In the toy industry Latinos are rarely shown, so the appearance of toys called 'Homies' quickly gained popularity among the Hispanic community. These are 'accurate' representations of the hispanic populations. A child looking at this will come to understand that of course, all Hispanics have patchy and take little care of themselves. Even as Barbie (c) shows that all whites must be high class and successful, these homies help display that the Hispanic community is lower class.

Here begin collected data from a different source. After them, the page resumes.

Lemma secant_le (x d : V) s t : simplex x ->
  simplex (x + s *: d) -> simplex (x + t *: d) -> s != 0 -> t != 0 -> s <= t ->
  secant x d s <= secant x d t.
Proof.
move=> sx ss st s0 t0; rewrite le_eqVlt => /predU1P[-> //|lt_st].
pose g u := h (x + u *: d).
have sx' : simplex (x + 0 *: d) by rewrite scale0r addr0.
have secE u : secant x d u = (g u - g 0) / (u - 0).
  by rewrite /g scale0r addr0 subr0.
have secNE u : secant x d u = (g 0 - g u) / (0 - u).
  by rewrite secE -opprB -(opprB 0) invrN mulrNN.
have [s_gt0|s_lt0] := ltrP 0 s.
  rewrite !secE; apply: (slope_le_chord s_gt0 lt_st).
  exact: convex_along_line.
have {s0 s_lt0} s_lt0 : s < 0 by rewrite lt_neqAle s0 s_lt0.
have [t_gt0|t_lt0] := ltrP 0 t.
  have conv := convex_along_line ss st s_lt0 t_gt0.
  rewrite secNE secE; apply: le_trans (chord_le_slope s_lt0 t_gt0 conv).
  exact: (slope_le_chord s_lt0 t_gt0 conv).
have {t0 t_lt0} t_lt0 : t < 0 by rewrite lt_neqAle t0 t_lt0.
rewrite !secNE; apply: (chord_le_slope lt_st t_lt0).
exact: convex_along_line.
Qed.

End Secant.

Section StrongConvexity.
Variables (R : realType) (n : nat) (K : R) (h : 'rV[R]_n -> R).
Notation V := 'rV[R]_n.
Hypothesis h_strong : strongly_convex_on_simplex K h.

Lemma strongly_convex_convex : 0 <= K -> convex_on_simplex h.
Proof.
move=> K0 x1 x2 t s1 s2 t01; apply: le_trans (h_strong s1 s2 t01) _.
rewrite lerBlDr lerDl; move: t01 => /andP[t0 t1].
by rewrite !mulr_ge0 ?sqnorm_ge0 ?invr_ge0 ?subr_ge0.
Qed.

All of this applies in the classroom. Students will bring in these negative stereotypes into the classroom. They will share them with the friends. It was once said that a child will become only what is expected of it. If society, though these cultural artifacts, show that Hispanics are a part of a cultural of poverty, ethnically different, inferior to the white culture, etc, then they will take this expectation with them. English Language Learners will give up, because they will come to understand quickly that their teachers are still operating from deficit theory. Teacher efficacy will be low in response. This is a cycle that has to be forcefully broken out of else all will continue to contribute to the culture of poverty and passive racism that are slowly eroding our system. Minorities are already beginning to be a very large segment of our population. If we cannot change, starting in the classroom, we will continue this downward spiral until much comes crashing down.

I found many stereotypes in the media, but I also found the roots of the death of these stereotypes. I found several very successful individuals who come from Latino roots. If we as teachers only pay attention to the surface of the issues which come before us, we will have a very shallow view of the struggles and triumphs of the Latino community. It is important for us to really search the media and stay up on it because if we do not our teaching will be hurt by the bias' that are thrown about. The defeat of deficit theory hides in the articles and media which promote it. If we are willing to turn these things on their ear, and then show them to our students, we can begin to teach them how to look at the media for themselves. They can then start to see the positive of their own culture, not simply the negatives.